*REQUIRED ACTION*: Below are entries; copy exactly the lines from the one with "-> leS a b0." through the one with "Proof. unfold is_id;", both included, and leave out the rest.

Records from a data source
++++++
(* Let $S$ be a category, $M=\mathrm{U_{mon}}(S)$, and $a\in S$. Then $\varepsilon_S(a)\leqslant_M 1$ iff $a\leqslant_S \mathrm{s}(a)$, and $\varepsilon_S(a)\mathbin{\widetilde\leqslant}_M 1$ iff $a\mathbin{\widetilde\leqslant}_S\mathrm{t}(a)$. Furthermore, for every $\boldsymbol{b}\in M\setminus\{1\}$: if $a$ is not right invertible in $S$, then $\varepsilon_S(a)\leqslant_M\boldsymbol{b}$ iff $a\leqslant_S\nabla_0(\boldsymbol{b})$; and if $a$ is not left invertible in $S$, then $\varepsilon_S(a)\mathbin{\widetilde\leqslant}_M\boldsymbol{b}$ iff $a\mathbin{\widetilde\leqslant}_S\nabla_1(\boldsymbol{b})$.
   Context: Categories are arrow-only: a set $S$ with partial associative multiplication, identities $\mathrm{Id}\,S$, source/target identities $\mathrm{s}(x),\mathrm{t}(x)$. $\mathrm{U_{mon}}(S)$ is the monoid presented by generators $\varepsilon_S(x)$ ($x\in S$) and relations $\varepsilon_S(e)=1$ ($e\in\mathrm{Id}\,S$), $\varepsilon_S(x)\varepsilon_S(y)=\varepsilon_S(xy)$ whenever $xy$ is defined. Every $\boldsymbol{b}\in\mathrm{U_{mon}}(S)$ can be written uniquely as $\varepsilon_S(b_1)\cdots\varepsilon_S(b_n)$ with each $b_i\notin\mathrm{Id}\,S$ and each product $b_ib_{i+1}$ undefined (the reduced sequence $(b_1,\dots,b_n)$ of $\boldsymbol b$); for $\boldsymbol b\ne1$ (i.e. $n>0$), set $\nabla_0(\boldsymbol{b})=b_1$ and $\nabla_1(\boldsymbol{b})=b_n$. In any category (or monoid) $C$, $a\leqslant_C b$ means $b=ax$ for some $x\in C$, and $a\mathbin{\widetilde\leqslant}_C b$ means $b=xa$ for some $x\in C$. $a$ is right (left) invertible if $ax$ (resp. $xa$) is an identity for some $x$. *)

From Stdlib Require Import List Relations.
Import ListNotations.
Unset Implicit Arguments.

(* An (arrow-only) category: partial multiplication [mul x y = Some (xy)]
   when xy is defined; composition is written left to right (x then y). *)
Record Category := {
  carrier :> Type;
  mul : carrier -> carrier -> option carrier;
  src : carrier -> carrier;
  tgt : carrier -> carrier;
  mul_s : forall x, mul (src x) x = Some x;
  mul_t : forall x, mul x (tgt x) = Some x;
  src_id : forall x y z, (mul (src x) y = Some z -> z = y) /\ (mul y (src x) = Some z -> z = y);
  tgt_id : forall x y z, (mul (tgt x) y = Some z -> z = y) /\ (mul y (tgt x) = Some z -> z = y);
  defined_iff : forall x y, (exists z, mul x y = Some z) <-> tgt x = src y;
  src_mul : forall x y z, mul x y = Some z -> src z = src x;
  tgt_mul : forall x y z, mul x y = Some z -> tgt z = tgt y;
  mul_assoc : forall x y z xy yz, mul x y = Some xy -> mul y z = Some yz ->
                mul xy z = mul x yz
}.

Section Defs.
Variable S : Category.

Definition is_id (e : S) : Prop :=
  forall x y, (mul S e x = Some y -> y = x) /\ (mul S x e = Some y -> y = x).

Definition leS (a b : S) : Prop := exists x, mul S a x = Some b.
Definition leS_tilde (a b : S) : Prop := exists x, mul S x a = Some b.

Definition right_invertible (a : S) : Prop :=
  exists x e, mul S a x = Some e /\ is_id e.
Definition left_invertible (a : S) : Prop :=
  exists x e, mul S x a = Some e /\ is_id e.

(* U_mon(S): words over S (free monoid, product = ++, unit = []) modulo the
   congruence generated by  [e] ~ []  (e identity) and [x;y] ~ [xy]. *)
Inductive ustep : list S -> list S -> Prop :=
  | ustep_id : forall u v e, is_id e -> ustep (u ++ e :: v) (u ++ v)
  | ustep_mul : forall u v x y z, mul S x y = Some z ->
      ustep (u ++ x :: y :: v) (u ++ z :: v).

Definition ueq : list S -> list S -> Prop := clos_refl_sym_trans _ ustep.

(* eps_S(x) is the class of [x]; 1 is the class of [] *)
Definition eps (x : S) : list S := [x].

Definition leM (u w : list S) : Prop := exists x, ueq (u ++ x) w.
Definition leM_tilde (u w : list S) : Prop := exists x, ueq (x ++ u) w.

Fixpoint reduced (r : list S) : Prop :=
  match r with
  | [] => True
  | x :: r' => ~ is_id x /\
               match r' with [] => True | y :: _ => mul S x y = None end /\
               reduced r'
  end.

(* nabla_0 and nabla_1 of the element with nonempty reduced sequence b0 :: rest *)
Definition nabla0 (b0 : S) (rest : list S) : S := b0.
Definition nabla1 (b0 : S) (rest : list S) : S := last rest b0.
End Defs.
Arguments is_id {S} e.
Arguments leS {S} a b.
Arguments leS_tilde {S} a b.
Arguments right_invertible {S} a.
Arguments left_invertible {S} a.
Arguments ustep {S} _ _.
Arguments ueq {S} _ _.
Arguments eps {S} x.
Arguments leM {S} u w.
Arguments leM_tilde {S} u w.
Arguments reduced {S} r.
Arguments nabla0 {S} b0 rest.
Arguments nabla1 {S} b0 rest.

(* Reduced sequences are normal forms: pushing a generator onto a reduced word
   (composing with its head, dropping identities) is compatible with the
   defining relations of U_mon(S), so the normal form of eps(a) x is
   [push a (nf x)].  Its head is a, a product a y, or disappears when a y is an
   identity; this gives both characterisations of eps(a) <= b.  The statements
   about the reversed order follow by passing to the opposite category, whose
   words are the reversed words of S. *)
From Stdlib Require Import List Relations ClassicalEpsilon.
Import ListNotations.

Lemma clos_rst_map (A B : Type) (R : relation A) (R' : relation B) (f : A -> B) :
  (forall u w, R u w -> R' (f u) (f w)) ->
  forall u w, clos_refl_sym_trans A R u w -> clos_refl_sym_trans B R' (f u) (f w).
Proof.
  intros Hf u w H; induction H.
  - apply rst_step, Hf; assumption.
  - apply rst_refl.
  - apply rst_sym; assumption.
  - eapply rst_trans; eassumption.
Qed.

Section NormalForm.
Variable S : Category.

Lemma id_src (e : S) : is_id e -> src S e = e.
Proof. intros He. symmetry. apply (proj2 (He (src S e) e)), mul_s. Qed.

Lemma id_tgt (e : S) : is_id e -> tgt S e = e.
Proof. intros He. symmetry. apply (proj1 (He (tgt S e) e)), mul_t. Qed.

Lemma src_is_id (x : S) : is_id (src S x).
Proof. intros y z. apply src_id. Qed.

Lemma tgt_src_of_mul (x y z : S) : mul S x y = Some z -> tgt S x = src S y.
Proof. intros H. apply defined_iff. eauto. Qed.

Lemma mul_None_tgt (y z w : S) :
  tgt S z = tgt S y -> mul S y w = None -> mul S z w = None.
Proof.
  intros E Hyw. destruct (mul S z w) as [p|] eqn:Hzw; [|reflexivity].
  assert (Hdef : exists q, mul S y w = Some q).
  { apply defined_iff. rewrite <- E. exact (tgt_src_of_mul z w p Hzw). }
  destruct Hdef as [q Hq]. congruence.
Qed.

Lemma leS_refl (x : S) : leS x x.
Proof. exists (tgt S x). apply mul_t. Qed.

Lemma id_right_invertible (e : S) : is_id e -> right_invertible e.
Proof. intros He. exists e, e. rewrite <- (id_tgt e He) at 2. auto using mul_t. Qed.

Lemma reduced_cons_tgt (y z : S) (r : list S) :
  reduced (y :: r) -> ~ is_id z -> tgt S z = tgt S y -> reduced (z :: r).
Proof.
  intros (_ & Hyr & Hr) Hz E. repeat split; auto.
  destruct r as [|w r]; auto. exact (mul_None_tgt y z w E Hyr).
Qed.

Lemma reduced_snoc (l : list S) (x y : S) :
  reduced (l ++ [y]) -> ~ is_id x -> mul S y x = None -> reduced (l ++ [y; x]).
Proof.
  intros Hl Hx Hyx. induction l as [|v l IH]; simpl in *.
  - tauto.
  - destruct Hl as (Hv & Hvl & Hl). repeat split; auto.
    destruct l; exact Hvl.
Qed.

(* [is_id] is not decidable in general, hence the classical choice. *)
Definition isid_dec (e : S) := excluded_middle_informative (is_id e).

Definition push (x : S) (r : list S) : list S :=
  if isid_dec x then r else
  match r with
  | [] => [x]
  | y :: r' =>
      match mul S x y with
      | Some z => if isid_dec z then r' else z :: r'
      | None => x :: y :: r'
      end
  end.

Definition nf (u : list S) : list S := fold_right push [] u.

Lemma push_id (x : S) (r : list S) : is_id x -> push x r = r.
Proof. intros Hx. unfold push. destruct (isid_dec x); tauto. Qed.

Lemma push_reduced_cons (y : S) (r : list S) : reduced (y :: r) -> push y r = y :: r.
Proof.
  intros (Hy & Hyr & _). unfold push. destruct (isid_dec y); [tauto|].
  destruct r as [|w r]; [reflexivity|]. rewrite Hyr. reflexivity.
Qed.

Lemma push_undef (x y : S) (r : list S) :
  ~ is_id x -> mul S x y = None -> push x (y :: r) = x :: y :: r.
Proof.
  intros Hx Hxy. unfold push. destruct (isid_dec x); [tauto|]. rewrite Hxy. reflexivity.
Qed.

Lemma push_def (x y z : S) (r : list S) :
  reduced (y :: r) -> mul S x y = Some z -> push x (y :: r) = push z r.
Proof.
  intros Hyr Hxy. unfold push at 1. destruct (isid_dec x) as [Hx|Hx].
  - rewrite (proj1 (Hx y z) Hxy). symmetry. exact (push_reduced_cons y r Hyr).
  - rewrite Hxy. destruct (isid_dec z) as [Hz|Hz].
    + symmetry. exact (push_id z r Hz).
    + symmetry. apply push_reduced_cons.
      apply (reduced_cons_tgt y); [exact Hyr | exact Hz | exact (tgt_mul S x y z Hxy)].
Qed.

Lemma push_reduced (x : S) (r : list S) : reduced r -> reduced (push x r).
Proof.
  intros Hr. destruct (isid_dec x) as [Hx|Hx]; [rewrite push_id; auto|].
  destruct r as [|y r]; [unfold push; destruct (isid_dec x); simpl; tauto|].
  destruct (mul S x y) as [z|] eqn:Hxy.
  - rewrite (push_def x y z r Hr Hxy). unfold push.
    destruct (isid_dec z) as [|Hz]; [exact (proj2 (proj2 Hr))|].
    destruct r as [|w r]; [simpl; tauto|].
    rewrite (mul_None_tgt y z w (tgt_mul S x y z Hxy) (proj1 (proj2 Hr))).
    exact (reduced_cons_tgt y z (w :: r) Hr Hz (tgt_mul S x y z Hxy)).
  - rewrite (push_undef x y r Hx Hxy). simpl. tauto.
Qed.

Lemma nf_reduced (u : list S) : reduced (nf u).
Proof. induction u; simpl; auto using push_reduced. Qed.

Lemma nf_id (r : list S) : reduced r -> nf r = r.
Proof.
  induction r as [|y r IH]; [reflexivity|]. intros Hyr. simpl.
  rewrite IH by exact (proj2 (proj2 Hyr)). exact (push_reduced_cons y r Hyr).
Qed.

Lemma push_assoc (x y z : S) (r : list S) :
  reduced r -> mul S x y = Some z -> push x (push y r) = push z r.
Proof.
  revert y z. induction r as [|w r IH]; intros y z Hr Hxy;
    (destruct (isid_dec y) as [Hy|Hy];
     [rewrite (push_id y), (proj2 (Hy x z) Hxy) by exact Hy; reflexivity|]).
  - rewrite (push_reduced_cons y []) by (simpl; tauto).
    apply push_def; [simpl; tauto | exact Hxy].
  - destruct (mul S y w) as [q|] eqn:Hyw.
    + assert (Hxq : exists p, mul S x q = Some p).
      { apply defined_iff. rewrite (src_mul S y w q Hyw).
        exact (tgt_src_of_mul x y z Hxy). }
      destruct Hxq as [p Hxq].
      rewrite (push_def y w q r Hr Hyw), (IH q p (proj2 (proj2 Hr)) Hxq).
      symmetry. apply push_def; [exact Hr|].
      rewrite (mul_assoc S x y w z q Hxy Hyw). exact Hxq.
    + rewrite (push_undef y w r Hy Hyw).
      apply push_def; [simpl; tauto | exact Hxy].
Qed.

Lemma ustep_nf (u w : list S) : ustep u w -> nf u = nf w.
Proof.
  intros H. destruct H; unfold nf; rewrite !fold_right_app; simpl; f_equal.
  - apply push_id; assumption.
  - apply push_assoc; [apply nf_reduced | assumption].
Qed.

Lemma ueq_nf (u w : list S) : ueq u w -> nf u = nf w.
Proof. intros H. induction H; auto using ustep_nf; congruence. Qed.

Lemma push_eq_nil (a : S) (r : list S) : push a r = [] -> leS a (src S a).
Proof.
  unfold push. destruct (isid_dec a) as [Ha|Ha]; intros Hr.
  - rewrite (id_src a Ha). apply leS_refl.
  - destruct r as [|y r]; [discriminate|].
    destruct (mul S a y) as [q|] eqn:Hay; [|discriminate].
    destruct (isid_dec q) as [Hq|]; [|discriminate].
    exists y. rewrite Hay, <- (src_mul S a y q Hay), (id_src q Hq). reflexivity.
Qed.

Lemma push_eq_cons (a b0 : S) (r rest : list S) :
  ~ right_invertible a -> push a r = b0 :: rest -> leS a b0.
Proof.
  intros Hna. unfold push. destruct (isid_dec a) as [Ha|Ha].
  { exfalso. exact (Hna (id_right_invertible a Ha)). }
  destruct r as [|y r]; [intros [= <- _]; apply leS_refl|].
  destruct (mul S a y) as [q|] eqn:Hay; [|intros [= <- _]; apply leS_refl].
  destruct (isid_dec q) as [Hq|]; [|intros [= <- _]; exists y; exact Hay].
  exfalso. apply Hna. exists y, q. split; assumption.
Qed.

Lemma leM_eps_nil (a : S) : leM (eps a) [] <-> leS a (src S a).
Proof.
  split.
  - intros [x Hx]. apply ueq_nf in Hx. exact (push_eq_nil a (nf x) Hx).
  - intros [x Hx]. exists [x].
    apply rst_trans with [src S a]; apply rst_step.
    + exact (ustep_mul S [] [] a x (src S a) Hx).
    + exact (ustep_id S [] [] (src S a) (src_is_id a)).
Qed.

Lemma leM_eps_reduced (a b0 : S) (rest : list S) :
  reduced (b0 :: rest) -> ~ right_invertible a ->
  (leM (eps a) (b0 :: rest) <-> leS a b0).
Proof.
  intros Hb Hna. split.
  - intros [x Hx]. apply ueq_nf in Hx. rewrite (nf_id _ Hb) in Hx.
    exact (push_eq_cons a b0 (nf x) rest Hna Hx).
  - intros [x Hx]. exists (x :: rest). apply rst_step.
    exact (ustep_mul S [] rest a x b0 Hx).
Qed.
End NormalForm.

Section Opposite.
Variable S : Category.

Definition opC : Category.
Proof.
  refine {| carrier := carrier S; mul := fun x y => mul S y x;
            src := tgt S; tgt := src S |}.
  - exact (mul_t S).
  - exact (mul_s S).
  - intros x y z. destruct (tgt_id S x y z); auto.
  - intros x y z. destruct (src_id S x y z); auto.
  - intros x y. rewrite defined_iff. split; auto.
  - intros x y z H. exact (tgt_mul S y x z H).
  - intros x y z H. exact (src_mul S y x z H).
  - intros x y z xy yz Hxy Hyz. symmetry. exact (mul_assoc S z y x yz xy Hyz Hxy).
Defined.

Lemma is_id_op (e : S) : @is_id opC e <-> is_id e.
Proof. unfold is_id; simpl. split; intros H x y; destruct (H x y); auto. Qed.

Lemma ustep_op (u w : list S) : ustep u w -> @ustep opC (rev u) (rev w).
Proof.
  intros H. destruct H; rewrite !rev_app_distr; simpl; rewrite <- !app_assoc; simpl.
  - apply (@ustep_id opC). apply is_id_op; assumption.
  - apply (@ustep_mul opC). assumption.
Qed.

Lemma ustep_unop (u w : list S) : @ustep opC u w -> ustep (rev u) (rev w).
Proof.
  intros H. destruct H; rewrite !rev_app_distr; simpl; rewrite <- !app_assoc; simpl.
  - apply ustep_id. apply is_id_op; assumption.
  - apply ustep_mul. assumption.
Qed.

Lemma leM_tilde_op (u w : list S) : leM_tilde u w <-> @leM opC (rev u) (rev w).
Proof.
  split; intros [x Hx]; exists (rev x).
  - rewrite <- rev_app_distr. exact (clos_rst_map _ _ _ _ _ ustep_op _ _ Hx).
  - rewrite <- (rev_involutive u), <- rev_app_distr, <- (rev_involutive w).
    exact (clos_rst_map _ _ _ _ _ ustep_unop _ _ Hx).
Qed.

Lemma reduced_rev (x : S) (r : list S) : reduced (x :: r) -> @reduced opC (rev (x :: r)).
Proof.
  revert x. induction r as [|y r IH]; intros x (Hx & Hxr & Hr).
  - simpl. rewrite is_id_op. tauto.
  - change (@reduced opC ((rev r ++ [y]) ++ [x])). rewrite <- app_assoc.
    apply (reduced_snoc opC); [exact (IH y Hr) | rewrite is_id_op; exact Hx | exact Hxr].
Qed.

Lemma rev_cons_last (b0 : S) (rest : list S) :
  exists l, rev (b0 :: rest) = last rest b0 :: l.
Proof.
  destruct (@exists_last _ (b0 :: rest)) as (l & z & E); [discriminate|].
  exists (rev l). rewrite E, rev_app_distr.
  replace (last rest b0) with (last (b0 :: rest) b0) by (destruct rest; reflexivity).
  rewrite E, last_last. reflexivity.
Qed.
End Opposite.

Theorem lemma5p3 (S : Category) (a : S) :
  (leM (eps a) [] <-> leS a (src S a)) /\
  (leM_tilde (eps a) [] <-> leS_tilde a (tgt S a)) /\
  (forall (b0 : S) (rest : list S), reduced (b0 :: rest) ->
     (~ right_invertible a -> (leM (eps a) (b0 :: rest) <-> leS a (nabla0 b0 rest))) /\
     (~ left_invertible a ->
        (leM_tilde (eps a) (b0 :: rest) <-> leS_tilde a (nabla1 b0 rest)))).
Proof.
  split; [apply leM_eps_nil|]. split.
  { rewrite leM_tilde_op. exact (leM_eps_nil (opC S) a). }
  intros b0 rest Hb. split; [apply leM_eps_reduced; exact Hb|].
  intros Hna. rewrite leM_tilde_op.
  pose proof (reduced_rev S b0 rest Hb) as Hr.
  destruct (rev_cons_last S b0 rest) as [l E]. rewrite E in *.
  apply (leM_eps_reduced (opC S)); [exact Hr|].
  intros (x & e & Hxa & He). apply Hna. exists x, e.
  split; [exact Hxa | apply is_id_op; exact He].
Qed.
++++++
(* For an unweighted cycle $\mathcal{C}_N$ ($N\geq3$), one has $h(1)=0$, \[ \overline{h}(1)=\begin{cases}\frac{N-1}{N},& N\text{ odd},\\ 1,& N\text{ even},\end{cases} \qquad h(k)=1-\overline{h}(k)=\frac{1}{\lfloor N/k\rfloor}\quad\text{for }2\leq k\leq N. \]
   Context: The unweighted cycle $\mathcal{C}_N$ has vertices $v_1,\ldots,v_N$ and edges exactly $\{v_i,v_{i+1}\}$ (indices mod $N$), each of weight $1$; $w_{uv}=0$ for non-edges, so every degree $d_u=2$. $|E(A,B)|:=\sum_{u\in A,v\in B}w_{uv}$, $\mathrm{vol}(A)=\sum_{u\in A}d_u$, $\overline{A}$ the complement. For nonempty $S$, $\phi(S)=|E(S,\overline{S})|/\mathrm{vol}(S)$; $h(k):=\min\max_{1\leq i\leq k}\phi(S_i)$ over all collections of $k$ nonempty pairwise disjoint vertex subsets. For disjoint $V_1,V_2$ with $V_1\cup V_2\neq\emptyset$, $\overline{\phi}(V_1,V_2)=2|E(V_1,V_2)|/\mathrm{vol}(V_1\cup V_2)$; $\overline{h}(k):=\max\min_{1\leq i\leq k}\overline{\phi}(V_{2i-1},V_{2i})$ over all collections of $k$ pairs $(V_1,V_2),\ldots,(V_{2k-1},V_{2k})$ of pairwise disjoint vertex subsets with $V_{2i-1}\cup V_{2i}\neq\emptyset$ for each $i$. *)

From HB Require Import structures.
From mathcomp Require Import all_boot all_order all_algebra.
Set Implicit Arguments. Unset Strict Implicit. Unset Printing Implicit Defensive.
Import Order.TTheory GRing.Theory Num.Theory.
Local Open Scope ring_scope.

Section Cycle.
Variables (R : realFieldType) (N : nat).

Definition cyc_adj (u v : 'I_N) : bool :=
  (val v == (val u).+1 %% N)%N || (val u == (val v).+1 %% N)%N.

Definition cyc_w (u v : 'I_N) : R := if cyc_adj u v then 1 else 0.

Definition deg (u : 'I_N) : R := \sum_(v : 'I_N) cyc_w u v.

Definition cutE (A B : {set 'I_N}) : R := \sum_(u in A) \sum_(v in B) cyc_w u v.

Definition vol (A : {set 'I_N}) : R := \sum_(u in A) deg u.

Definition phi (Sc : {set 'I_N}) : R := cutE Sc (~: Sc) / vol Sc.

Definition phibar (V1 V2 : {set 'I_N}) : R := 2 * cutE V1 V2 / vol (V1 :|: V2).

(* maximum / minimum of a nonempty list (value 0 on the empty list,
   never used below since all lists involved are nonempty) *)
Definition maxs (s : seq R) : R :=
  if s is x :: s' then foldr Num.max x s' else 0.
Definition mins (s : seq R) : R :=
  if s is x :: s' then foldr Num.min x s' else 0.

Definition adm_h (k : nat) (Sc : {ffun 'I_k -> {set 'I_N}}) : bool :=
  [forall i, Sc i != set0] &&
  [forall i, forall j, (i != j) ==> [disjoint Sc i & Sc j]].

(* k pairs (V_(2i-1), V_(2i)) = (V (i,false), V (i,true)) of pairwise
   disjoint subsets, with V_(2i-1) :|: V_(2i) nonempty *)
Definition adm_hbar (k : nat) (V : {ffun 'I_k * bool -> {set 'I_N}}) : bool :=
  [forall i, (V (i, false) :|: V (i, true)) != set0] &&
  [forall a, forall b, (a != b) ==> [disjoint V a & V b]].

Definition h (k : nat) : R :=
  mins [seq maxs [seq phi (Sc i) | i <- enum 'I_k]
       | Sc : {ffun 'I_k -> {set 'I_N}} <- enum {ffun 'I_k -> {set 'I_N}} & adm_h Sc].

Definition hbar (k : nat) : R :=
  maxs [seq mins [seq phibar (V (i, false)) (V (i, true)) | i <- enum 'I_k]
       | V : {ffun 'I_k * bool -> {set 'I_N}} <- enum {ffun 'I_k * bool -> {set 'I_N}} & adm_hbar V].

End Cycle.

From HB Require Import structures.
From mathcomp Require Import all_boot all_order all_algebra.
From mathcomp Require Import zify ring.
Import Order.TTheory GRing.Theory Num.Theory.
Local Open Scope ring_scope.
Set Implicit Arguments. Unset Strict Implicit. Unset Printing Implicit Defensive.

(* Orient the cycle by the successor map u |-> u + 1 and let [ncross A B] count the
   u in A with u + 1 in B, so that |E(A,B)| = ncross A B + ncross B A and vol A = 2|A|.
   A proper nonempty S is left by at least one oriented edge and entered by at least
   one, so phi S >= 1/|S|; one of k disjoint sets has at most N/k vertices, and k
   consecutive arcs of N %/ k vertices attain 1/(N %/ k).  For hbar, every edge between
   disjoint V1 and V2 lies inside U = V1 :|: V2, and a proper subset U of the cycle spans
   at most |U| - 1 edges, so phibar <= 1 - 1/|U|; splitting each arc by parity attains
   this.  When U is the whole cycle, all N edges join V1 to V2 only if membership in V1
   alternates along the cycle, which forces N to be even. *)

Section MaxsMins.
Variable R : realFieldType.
++++++
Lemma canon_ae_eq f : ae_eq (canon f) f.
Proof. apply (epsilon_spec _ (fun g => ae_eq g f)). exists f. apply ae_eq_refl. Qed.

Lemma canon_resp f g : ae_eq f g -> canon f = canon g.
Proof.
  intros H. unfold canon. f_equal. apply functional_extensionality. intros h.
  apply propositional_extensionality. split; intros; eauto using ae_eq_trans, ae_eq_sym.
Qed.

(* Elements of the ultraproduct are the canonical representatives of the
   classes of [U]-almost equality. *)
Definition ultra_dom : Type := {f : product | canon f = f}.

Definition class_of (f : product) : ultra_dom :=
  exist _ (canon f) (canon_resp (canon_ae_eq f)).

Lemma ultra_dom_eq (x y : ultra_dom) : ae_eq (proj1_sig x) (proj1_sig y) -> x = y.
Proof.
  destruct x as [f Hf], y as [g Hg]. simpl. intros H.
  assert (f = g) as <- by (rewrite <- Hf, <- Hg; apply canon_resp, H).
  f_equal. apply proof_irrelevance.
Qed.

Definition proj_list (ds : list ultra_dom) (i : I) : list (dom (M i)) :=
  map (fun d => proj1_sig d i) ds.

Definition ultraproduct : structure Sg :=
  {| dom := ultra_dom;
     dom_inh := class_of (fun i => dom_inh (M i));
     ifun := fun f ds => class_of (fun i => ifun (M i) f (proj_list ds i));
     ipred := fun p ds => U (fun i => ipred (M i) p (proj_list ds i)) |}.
++++++
*ANSWER BOX*:
  ~ right_invertible a -> push a r = b0 :: rest -> leS a b0.
Proof.
  intros Hna. unfold push. destruct (isid_dec a) as [Ha|Ha].
  { exfalso. exact (Hna (id_right_invertible a Ha)). }
  destruct r as [|y r]; [intros [= <- _]; apply leS_refl|].
  destruct (mul S a y) as [q|] eqn:Hay; [|intros [= <- _]; apply leS_refl].
  destruct (isid_dec q) as [Hq|]; [|intros [= <- _]; exists y; exact Hay].
  exfalso. apply Hna. exists y, q. split; assumption.
Qed.

Lemma leM_eps_nil (a : S) : leM (eps a) [] <-> leS a (src S a).
Proof.
  split.
  - intros [x Hx]. apply ueq_nf in Hx. exact (push_eq_nil a (nf x) Hx).
  - intros [x Hx]. exists [x].
    apply rst_trans with [src S a]; apply rst_step.
    + exact (ustep_mul S [] [] a x (src S a) Hx).
    + exact (ustep_id S [] [] (src S a) (src_is_id a)).
Qed.

Lemma leM_eps_reduced (a b0 : S) (rest : list S) :
  reduced (b0 :: rest) -> ~ right_invertible a ->
  (leM (eps a) (b0 :: rest) <-> leS a b0).
Proof.
  intros Hb Hna. split.
  - intros [x Hx]. apply ueq_nf in Hx. rewrite (nf_id _ Hb) in Hx.
    exact (push_eq_cons a b0 (nf x) rest Hna Hx).
  - intros [x Hx]. exists (x :: rest). apply rst_step.
    exact (ustep_mul S [] rest a x b0 Hx).
Qed.
End NormalForm.

Section Opposite.
Variable S : Category.

Definition opC : Category.
Proof.
  refine {| carrier := carrier S; mul := fun x y => mul S y x;
            src := tgt S; tgt := src S |}.
  - exact (mul_t S).
  - exact (mul_s S).
  - intros x y z. destruct (tgt_id S x y z); auto.
  - intros x y z. destruct (src_id S x y z); auto.
  - intros x y. rewrite defined_iff. split; auto.
  - intros x y z H. exact (tgt_mul S y x z H).
  - intros x y z H. exact (src_mul S y x z H).
  - intros x y z xy yz Hxy Hyz. symmetry. exact (mul_assoc S z y x yz xy Hyz Hxy).
Defined.

Lemma is_id_op (e : S) : @is_id opC e <-> is_id e.
Proof. unfold is_id; simpl. split; intros H x y; destruct (H x y); auto. Qed.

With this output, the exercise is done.